# Ferts/algae/ my tank parameters gone wild!



## iris600 (Feb 12, 2004)

Co2= 42ppm (according to redsea test kits)
iron= 0-.05ppm
ph 6.8- 7.0
17 degrees gh
10 degrees kh
no2= 0.00ppm
soluable inorganic phosphate approx .05-.08
Nh3/Nh4= 0ppm

20 gallon high tank, low stocking level (two german blues and a couple cherry barbs).
Light is 65 watt 6500K light.
Plants are a jumple of low and high light plants. Includes the likes of glosso, mexican oak leaf, hemigraphis triain, ludwigia, stargrass, and other misc stems.

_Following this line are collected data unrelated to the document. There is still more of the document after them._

(* Let $P$ be a rooted forest on $[n]$ with natural labeling. For $1\le i\le n$ let $G_i$ be the $\mathcal{L}(P)\times\mathcal{L}(P)$ $0$-$1$ matrix with $G_i(\pi',\pi)=1$ if and only if $\pi'=\pi\partial_{\pi^{-1}_i}$. Then the monoid $\mathcal{M}$ generated by $G_1,\dots,G_n$ under matrix multiplication is $\mathcal{R}$-trivial.
   Context: A rooted forest is a disjoint union of rooted trees, a rooted tree being a connected finite poset in which each element is covered by at most one element. $\mathcal{L}(P)=\{\pi\in S_n : i\prec j \Rightarrow \pi^{-1}_i<\pi^{-1}_j\}$ in one-line notation. $\pi\tau_i$ ($1\le i<n$) swaps $\pi_i,\pi_{i+1}$ if they are incomparable in $P$ and is $\pi$ otherwise; operators act on the right; $\partial_j=\tau_j\tau_{j+1}\cdots\tau_{n-1}$. (Equivalently $G_i$ is $\overline{M}=M+(x_1+\cdots+x_n)\mathbb{1}$ evaluated at $x_i=1$, $x_j=0$ for $j\ne i$, where $M$ is the promotion graph transition matrix.) A finite monoid $\mathcal{M}$ (with identity) is $\mathcal{R}$-trivial if $x\mathcal{M}=y\mathcal{M}$ implies $x=y$ for all $x,y\in\mathcal{M}$. *)

From mathcomp Require Import all_boot all_order all_algebra all_fingroup.
Set Implicit Arguments. Unset Strict Implicit. Unset Printing Implicit Defensive.
Import GRing.Theory.
Local Open Scope ring_scope.

(* Posets on [n] are represented on 'I_n (element k stands for k+1),
   given by a boolean (reflexive) order relation [le]. *)
Section Promotion.
Variables (n : nat) (le : rel 'I_n).

Definition plt (x y : 'I_n) : bool := (x != y) && le x y.

Definition is_poset : Prop :=
  [/\ reflexive le, antisymmetric le & transitive le].

Definition covers (x y : 'I_n) : bool :=
  plt x y && [forall z, ~~ (plt x z && plt z y)].

(* rooted forest: every element is covered by at most one element
   (every finite poset is the disjoint union of its connected components,
   each of which then is a rooted tree) *)
Definition rooted_forest : Prop :=
  forall x y z, covers x y -> covers x z -> y = z.

Definition natural_labeling : Prop :=
  forall i j, plt i j -> (i < j)%N.

Definition incomparable (x y : 'I_n) : bool := ~~ le x y && ~~ le y x.

(* One-line notation: pi_k = pi k (position k, 0-based); pi^-1_i = (pi^-1) i
   is the position of i. *)
Definition lin_ext (pi : 'S_n) : bool :=
  [forall i, forall j, plt i j ==> ((pi^-1)%g i < (pi^-1)%g j)%N].

Definition LP := [pred pi : 'S_n | lin_ext pi].

(* pi tau_(k+1) (0-based k): swap the entries at positions k, k+1 if they
   are incomparable; otherwise pi.  (tperm a b * pi)%g maps x to
   pi (tperm a b x). *)
Definition tau (pi : 'S_n) (k : nat) : 'S_n :=
  match insub k, insub k.+1 with
  | Some a, Some b =>
      if incomparable (pi a) (pi b) then (tperm a b * pi)%g else pi
  | _, _ => pi
  end.

(* pi partial_(p+1) = pi tau_(p+1) tau_(p+2) ... tau_(n-1), operators acting
   on the right, p 0-based (so tau indices p, ..., n-2 0-based). *)
Definition partial (pi : 'S_n) (p : nat) : 'S_n :=
  foldl tau pi (iota p (n.-1 - p)).

Definition promo (i : 'I_n) (pi : 'S_n) : 'S_n := partial pi ((pi^-1)%g i).

(* Matrices indexed by L(P) x L(P) (via the enumeration enum_val of L(P)). *)
Definition Gmat (i : 'I_n) : 'M[int]_#|LP| :=
  \matrix_(a, b) ((enum_val a == promo i (enum_val b)) %:R).

Definition in_gen_monoid (A : 'M[int]_#|LP|) : Prop :=
  exists s : seq 'I_n, A = foldr (fun i B => Gmat i *m B) 1%:M s.

End Promotion.

(* R-triviality of a monoid of square matrices given by its membership
   predicate: xM = yM implies x = y. *)
Definition R_trivial (m : nat) (Mon : 'M[int]_m -> Prop) : Prop :=
  forall x y, Mon x -> Mon y ->
    (forall A, (exists z, Mon z /\ A = x *m z) <-> (exists w, Mon w /\ A = y *m w)) ->
    x = y.

From mathcomp Require Import all_boot all_order all_algebra all_fingroup.
From mathcomp Require Import zify.
Set Implicit Arguments. Unset Strict Implicit. Unset Printing Implicit Defensive.
Import GRing.Theory.

(* In a rooted forest the elements above [i] form a chain up to a root, and
   bubbling through [partial] pushes each of them one step up this chain (the
   root going to the end), the other elements keeping their relative order.
   Hence the relative order of [pi] acted on by a word is read off from
   [pi] by following each element up its chain.  Under [(ab)^n], every
   element either leaves for the end or reaches a place fixed by [a] and [b],
   because each pass that moves it raises its label; so [(ab)^n a = (ab)^n],
   and this identity forces [R]-triviality: from [x = y w], [y = x z] one
   gets [x = x (zw)^n] and then [y = x (zw)^n z = x]. *)

Section RootedForest.
Variables (n : nat) (le : rel 'I_n).
Hypotheses (le_po : is_poset le) (le_forest : rooted_forest le)
  (le_natural : natural_labeling le).

Lemma le_refl x : le x x. Proof. by case: le_po. Qed.

Lemma le_trans x y z : le x y -> le y z -> le x z.
Proof. by case: le_po => _ _; apply. Qed.

Lemma le_anti x y : le x y -> le y x -> x = y.
Proof. by case: le_po => _ anti _ lexy leyx; apply: anti; rewrite lexy leyx. Qed.

Lemma le_plt_trans x y z : le x y -> plt le y z -> plt le x z.
Proof.
move=> lexy /andP[nyz leyz]; rewrite /plt (le_trans lexy leyz) andbT.
by apply: contra_neq nyz => exz; apply: (le_anti leyz); rewrite -exz.
Qed.

Lemma plt_le x y : plt le x y -> le x y. Proof. by case/andP. Qed.

Lemma plt_ltn x y : plt le x y -> (x < y)%N. Proof. exact: le_natural. Qed.

Lemma covers_plt x y : covers le x y -> plt le x y. Proof. by case/andP. Qed.

Lemma exists_cover x z : plt le x z -> exists2 y, covers le x y & le y z.
Proof.
move=> ltxz; have ltxz_lezz : plt le x z && le z z by rewrite ltxz le_refl.
have [y /andP[ltxy leyz] ymin] :=
  @arg_minnP _ z (fun y => plt le x y && le y z) val ltxz_lezz.
exists y => //; rewrite /covers ltxy; apply/forallP => w.
apply/negP => /andP[ltxw ltwy].
have := ymin w; rewrite ltxw (le_trans (plt_le ltwy) leyz) => /(_ isT).
by move=> /=; have := plt_ltn ltwy; lia.
Qed.

Lemma above_total i a b : le i a -> le i b -> le a b || le b a.
Proof.
have [k] := ubnP (n - i); elim: k i => [//|k IHk] i bound_i leia leib.
case: (eqVneq a i) => [->|nai]; first by rewrite leib.
case: (eqVneq b i) => [->|nbi]; first by rewrite leia orbT.
have [y coviy leya] : exists2 y, covers le i y & le y a.
  by apply: exists_cover; rewrite /plt eq_sym nai leia.
have [y' coviy' leyb] : exists2 y, covers le i y & le y b.
  by apply: exists_cover; rewrite /plt eq_sym nbi leib.
rewrite -(le_forest coviy coviy') in leyb.
apply: (IHk y) => //.
by have := plt_ltn (covers_plt coviy); have := ltn_ord y; lia.
Qed.

Definition parent (e : 'I_n) : option 'I_n := [pick y | covers le e y].

Lemma parentP e y : parent e = Some y -> covers le e y.
Proof. by rewrite /parent; case: pickP => // y' covy' [<-]. Qed.

Lemma parent_cover e y : covers le e y -> parent e = Some y.
Proof.
rewrite /parent => coey; case: pickP => [y' coey'|/(_ y)]; last by rewrite coey.
by rewrite (le_forest coey' coey).
Qed.

Definition pos (pi : 'S_n) (e : 'I_n) : nat := (pi^-1)%g e.

Lemma pos_lt pi e : (pos pi e < n)%N. Proof. exact: ltn_ord. Qed.

Lemma pos_inj pi : injective (pos pi).
Proof. by move=> x y /val_inj /perm_inj. Qed.

Lemma posK pi (k : 'I_n) : pos pi (pi k) = k.
Proof. by rewrite /pos permK. Qed.

Lemma perm_at_pos (pi : 'S_n) e (k : 'I_n) : pos pi e = k -> pi k = e.
Proof. by move=> /val_inj <-; rewrite permKV. Qed.

Lemma pos_tpermM (pi : 'S_n) a b e :
  pos (tperm a b * pi)%g e = tperm a b ((pi^-1)%g e).
Proof. by rewrite /pos invMg tpermV permM. Qed.

Lemma lin_extP pi :
  reflect (forall a b, plt le a b -> (pos pi a < pos pi b)%N) (lin_ext le pi).
Proof.
apply: (iffP forallP) => [lin a b|lin a]; last by apply/forallP => b; apply/implyP/lin.
by have /forallP/(_ b)/implyP := lin a.
Qed.

Lemma card_ord_lt k : (k <= n)%N -> #|[pred j : 'I_n | (j < k)%N]| = k.
Proof.
elim: k => [|k IHk] k_le; first by apply: eq_card0.
rewrite (cardD1 (Ordinal k_le)) inE /= ltnSn add1n.
congr _.+1; rewrite -[RHS](IHk (ltnW k_le)); apply: eq_card => j.
by rewrite !inE -val_eqE /= ltnS leq_eqVlt; case: ltngtP.
Qed.

Lemma card_pos_lt (pi : 'S_n) e : #|[pred e' | (pos pi e' < pos pi e)%N]| = pos pi e.
Proof.
rewrite -[RHS](card_ord_lt (ltnW (pos_lt pi e))) -cardsE.
rewrite -(card_preimset _ (@perm_inj _ pi)).
by apply: eq_card => j; rewrite !inE posK.
Qed.

Lemma eq_perm_pos_lt (pi sigma : 'S_n) :
  (forall e e', (pos pi e < pos pi e')%N = (pos sigma e < pos sigma e')%N) -> pi = sigma.
Proof.
move=> same_order; apply/invg_inj/permP => e; apply: val_inj.
rewrite -[LHS]/(pos pi e) -[RHS]/(pos sigma e) -card_pos_lt -[RHS]card_pos_lt.
by apply: eq_card => j; rewrite !inE same_order.
Qed.

Lemma tau_at (w : 'S_n) (a b : 'I_n) : val b = a.+1 ->
  tau le w a = if incomparable le (w a) (w b) then (tperm a b * w)%g else w.
Proof.
move=> vb; rewrite /tau (insubT (fun m => m < n)%N (ltn_ord a)) -vb.
rewrite (insubT (fun m => m < n)%N (ltn_ord b)) /=.
have subK (k : 'I_n) : Sub (val k) (ltn_ord k) = k by apply: val_inj.
by rewrite !subK.
Qed.

Definition opt_pos (pi : 'S_n) (o : option 'I_n) : nat :=
  if o is Some u then pos pi u else n.

Section Bubble.
Variables (pi : 'S_n) (i : 'I_n).
Hypothesis pi_lin : lin_ext le pi.

Lemma le_pos a b : le a b -> (pos pi a <= pos pi b)%N.
Proof.
move=> leab; case: (eqVneq a b) => [->//|nab].
by apply/ltnW/(lin_extP _ pi_lin); rewrite /plt nab.
Qed.

Definition climb (c e : 'I_n) : 'I_n :=
  if le i e && plt le e c then odflt e (parent e) else e.

Definition shift_pos (q r : nat) : nat := if (pos pi i < r <= q)%N then r.-1 else r.

Definition bubble_pos (c : 'I_n) (q : nat) (e : 'I_n) : nat :=
  if e == c then q else shift_pos q (pos pi (climb c e)).

(* [w] is [pi] acted on by the [tau]s at positions [pos pi i, ..., q - 1]:
   the carried element [c] sits at [q], and every other [e] sits where
   [climb c e] sat in [pi], one step further left if that place lies in
   [(pos pi i, q]]. *)
Definition bubble_inv (q : nat) (w : 'S_n) (c : 'I_n) : Prop :=
  [/\ (q < n)%N, le i c, (pos pi c <= q)%N,
      (forall e, (pos pi c < pos pi e <= q)%N -> incomparable le c e)
    & forall e, pos w e = bubble_pos c q e].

I know my ferts are off, and I need help with that. I need to order some DIY ferts. I use the regular flourish still but when I ran out of flourish iron and trace a few weeks back I didn't reorder and (foolishly, due to time restraints) didn't have time to figure out a good DIY program for my 20 and order the chems I need. Now I am having some misc algae problems (brown algae on the glass, hair algae on my java, algae on the lower/older leaves of my stem plants, etc). 

Can someone please give me some hints on how to get started on an easy to maintain ferts program? How to control the algae?


----------



## yildirim (Nov 25, 2004)

Hi,

Topics related wth EI (Estimative index) would give you more than enough info about diy ferts and dosing regime. No nutrients and too much light is a big problem and should be responded quickly to prevent a disaster.

YILDIRIM


----------



## Rickylp (May 19, 2005)

I think your tank needs NPK.


----------



## mlfishman (Apr 4, 2005)

*no good*

These guys are right...with high light and co2 proper fertilization is not optional. 10ppm N and at least 1ppm of P is around the minimum u should be dosing along with about 20mls of micros per week....


----------